Saved data entries:
↓

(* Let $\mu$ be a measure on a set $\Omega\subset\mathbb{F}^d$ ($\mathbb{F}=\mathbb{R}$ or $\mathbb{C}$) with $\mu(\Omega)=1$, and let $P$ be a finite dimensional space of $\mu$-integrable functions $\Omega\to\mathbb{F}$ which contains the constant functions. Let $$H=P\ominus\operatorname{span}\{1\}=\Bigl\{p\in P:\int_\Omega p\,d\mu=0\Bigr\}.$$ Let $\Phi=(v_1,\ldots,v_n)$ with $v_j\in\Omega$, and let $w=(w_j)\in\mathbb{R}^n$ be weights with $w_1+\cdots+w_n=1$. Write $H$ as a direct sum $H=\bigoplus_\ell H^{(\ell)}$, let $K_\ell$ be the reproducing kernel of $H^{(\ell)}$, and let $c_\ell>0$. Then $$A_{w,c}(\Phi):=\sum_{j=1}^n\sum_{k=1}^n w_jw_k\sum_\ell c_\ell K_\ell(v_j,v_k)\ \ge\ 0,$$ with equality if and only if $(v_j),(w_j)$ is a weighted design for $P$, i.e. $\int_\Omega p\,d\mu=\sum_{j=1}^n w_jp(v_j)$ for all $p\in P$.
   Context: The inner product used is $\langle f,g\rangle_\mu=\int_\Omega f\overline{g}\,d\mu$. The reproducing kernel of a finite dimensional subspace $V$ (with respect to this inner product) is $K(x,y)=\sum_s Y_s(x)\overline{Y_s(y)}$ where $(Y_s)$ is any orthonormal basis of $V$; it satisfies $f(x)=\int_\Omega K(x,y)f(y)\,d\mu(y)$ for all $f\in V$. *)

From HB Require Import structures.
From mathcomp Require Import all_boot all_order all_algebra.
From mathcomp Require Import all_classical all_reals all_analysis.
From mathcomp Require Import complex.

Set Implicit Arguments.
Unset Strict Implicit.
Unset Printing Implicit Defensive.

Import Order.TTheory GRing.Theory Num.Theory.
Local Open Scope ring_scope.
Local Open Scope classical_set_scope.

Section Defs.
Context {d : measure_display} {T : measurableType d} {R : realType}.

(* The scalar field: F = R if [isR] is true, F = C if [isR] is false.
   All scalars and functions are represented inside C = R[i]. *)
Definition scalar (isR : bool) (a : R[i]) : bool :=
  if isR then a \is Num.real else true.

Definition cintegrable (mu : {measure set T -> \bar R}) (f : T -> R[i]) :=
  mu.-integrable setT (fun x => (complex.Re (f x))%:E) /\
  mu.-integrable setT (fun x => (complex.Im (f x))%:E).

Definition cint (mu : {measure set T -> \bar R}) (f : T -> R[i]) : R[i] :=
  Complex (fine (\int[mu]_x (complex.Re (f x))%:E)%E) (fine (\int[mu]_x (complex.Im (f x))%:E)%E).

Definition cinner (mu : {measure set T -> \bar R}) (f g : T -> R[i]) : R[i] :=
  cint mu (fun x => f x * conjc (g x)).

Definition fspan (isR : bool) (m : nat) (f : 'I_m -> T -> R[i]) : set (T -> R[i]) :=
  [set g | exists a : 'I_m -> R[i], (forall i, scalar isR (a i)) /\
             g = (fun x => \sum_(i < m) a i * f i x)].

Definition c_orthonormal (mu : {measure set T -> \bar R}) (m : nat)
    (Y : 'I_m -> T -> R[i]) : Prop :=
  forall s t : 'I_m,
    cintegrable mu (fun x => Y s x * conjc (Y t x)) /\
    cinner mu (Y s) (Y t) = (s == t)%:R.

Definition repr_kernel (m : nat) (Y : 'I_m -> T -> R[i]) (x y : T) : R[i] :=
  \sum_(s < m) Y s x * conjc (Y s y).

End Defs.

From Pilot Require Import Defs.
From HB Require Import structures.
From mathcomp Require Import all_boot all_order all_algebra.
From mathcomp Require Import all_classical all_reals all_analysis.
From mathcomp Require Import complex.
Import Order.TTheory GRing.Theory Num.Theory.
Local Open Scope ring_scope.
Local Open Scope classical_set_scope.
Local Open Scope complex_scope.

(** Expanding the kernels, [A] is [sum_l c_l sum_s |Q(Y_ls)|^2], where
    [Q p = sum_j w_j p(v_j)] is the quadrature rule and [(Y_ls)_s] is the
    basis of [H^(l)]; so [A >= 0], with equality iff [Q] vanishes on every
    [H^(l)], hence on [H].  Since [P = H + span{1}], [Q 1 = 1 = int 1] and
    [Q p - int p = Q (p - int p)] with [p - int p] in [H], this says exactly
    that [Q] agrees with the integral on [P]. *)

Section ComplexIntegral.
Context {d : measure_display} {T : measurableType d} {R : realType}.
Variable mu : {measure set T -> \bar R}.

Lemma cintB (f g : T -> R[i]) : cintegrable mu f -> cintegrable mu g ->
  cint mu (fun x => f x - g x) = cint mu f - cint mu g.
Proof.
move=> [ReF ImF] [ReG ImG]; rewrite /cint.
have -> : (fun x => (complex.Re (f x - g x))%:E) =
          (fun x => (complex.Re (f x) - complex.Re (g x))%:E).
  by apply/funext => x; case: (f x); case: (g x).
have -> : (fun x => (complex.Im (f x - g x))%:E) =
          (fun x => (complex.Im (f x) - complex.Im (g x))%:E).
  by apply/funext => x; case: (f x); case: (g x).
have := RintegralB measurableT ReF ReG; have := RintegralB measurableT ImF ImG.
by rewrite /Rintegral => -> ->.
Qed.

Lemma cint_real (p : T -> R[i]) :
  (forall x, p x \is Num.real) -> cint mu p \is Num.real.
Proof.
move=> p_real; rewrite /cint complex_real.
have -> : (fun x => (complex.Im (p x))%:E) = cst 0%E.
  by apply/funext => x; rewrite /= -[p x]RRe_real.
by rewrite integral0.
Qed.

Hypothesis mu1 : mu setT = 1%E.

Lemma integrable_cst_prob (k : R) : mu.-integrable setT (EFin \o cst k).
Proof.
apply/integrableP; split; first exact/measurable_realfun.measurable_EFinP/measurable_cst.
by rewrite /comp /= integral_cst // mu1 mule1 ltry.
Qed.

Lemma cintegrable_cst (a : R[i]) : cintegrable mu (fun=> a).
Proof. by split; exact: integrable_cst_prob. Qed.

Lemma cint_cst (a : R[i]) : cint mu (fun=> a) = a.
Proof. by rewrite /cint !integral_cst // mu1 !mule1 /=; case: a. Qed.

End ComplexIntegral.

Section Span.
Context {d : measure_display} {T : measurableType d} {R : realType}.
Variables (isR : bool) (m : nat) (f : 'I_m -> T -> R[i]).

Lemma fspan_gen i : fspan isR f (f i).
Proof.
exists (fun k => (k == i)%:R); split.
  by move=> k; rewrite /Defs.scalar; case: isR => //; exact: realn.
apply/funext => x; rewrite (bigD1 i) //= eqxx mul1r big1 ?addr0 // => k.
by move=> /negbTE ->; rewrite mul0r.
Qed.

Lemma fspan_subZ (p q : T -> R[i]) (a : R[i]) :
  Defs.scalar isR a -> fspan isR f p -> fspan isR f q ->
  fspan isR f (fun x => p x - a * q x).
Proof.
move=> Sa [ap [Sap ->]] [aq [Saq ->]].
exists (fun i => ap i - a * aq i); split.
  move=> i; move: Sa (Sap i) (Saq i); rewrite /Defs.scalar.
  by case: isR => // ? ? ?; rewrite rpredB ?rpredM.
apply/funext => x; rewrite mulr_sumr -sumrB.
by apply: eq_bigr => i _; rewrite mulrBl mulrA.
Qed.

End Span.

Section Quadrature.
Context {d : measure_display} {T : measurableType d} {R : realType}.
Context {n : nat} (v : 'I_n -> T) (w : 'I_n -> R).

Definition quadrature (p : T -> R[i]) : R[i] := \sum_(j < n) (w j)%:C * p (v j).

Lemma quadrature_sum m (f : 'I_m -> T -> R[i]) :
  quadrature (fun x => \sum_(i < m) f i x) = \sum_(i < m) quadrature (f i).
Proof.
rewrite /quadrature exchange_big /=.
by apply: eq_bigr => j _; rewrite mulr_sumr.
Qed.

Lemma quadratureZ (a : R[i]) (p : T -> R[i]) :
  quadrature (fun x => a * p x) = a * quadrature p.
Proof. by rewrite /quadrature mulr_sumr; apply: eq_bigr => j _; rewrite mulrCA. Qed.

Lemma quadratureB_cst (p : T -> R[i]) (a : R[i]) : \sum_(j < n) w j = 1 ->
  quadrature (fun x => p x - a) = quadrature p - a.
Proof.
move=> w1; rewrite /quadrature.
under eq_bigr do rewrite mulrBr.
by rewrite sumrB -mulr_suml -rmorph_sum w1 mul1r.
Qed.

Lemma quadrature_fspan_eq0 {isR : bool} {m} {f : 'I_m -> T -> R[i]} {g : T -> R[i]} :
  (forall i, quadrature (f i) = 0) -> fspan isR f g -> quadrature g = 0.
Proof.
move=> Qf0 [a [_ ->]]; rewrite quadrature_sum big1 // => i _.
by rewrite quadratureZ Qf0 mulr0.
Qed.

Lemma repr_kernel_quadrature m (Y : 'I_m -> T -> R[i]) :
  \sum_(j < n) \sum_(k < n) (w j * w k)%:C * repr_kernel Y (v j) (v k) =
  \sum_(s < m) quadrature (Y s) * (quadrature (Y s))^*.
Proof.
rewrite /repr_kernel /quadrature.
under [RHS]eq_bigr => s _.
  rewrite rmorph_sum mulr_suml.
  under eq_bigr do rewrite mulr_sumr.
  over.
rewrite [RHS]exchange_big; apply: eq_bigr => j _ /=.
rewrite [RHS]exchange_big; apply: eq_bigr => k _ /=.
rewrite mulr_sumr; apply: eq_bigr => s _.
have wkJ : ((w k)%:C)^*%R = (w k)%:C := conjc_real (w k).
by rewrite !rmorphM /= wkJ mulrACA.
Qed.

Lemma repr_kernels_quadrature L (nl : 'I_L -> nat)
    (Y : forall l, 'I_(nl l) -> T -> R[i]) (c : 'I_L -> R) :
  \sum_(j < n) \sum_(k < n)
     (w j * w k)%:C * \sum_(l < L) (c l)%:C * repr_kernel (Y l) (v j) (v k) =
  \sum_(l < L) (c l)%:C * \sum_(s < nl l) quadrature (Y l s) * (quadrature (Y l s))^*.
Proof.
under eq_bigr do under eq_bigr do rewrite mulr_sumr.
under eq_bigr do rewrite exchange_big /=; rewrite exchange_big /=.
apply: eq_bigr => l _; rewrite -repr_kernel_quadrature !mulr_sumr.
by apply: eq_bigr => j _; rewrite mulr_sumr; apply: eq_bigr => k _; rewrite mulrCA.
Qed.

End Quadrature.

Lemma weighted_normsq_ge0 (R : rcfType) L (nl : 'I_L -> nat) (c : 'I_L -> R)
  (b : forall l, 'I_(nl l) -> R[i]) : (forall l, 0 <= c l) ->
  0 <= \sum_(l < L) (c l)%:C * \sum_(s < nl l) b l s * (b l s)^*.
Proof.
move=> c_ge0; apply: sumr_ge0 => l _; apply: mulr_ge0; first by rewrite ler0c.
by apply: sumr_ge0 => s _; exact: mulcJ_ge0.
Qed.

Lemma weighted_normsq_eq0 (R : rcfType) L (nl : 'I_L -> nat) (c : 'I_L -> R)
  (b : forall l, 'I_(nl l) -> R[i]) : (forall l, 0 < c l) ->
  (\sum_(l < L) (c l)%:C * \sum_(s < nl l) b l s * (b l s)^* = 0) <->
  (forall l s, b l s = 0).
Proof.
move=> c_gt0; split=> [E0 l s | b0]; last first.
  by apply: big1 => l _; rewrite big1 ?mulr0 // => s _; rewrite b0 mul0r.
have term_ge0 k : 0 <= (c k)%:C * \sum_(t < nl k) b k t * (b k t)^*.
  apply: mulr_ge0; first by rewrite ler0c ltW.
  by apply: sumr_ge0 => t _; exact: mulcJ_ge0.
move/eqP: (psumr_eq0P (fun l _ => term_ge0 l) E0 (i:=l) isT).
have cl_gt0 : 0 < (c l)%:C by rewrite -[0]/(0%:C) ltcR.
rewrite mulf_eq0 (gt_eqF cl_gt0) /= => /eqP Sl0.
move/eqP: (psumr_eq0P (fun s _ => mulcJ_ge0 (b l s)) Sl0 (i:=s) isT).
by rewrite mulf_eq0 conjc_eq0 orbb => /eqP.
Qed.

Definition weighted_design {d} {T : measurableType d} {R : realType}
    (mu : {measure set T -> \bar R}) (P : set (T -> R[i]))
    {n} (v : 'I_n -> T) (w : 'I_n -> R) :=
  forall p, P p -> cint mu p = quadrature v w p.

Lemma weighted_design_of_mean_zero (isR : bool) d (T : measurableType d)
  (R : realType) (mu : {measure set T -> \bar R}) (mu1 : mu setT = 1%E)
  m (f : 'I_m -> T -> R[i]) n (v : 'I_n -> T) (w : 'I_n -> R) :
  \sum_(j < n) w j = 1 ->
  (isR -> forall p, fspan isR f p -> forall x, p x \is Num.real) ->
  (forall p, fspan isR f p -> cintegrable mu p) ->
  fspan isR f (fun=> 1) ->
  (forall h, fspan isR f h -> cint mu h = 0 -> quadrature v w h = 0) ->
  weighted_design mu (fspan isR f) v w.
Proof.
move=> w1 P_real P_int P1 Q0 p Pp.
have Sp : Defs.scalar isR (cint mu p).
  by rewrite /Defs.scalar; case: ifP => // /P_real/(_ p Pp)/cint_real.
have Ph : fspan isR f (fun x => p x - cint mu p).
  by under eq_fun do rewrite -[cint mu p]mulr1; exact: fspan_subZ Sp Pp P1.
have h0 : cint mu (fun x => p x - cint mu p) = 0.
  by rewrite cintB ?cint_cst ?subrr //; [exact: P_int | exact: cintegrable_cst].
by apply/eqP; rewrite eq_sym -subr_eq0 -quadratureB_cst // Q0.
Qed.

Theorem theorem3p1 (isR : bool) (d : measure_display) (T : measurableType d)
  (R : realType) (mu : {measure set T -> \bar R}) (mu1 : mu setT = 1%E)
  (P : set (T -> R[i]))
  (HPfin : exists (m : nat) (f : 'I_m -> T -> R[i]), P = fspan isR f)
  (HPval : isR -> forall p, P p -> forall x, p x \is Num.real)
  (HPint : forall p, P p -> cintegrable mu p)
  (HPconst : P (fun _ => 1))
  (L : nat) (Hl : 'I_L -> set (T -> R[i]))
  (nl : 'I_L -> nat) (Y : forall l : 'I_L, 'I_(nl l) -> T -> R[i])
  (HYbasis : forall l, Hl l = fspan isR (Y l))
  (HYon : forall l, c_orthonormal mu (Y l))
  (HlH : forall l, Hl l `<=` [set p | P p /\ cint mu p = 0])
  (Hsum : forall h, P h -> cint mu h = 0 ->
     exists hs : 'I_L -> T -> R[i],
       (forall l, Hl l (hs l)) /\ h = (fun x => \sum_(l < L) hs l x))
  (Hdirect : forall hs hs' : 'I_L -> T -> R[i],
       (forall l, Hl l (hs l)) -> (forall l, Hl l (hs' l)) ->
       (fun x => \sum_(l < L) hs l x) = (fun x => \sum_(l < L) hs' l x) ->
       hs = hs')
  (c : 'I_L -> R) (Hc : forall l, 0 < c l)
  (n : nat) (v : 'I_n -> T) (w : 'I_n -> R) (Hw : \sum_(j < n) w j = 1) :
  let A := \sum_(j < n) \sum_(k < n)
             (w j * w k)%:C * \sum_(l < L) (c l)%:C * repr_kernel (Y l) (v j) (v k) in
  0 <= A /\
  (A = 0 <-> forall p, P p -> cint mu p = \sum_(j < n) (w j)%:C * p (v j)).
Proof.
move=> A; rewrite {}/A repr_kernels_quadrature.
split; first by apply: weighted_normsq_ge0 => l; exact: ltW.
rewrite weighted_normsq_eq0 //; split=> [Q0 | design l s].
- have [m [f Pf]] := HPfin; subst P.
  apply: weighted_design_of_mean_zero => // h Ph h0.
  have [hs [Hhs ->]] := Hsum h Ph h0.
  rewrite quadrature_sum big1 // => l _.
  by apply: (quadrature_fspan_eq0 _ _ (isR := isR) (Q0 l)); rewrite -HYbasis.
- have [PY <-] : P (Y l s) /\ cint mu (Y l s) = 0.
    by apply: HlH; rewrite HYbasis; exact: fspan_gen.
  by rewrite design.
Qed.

↑

* [WHAT IS REQUIRED] Write out only the lines that run from the line containing "Definition cintegrable (mu" through the line containing "Definition fspan (isR", both included, exactly as they appear above.

* [WRITTEN SOLUTION]
Definition cintegrable (mu : {measure set T -> \bar R}) (f : T -> R[i]) :=
  mu.-integrable setT (fun x => (complex.Re (f x))%:E) /\
  mu.-integrable setT (fun x => (complex.Im (f x))%:E).

Definition cint (mu : {measure set T -> \bar R}) (f : T -> R[i]) : R[i] :=
  Complex (fine (\int[mu]_x (complex.Re (f x))%:E)%E) (fine (\int[mu]_x (complex.Im (f x))%:E)%E).

Definition cinner (mu : {measure set T -> \bar R}) (f g : T -> R[i]) : R[i] :=
  cint mu (fun x => f x * conjc (g x)).

Definition fspan (isR : bool) (m : nat) (f : 'I_m -> T -> R[i]) : set (T -> R[i]) :=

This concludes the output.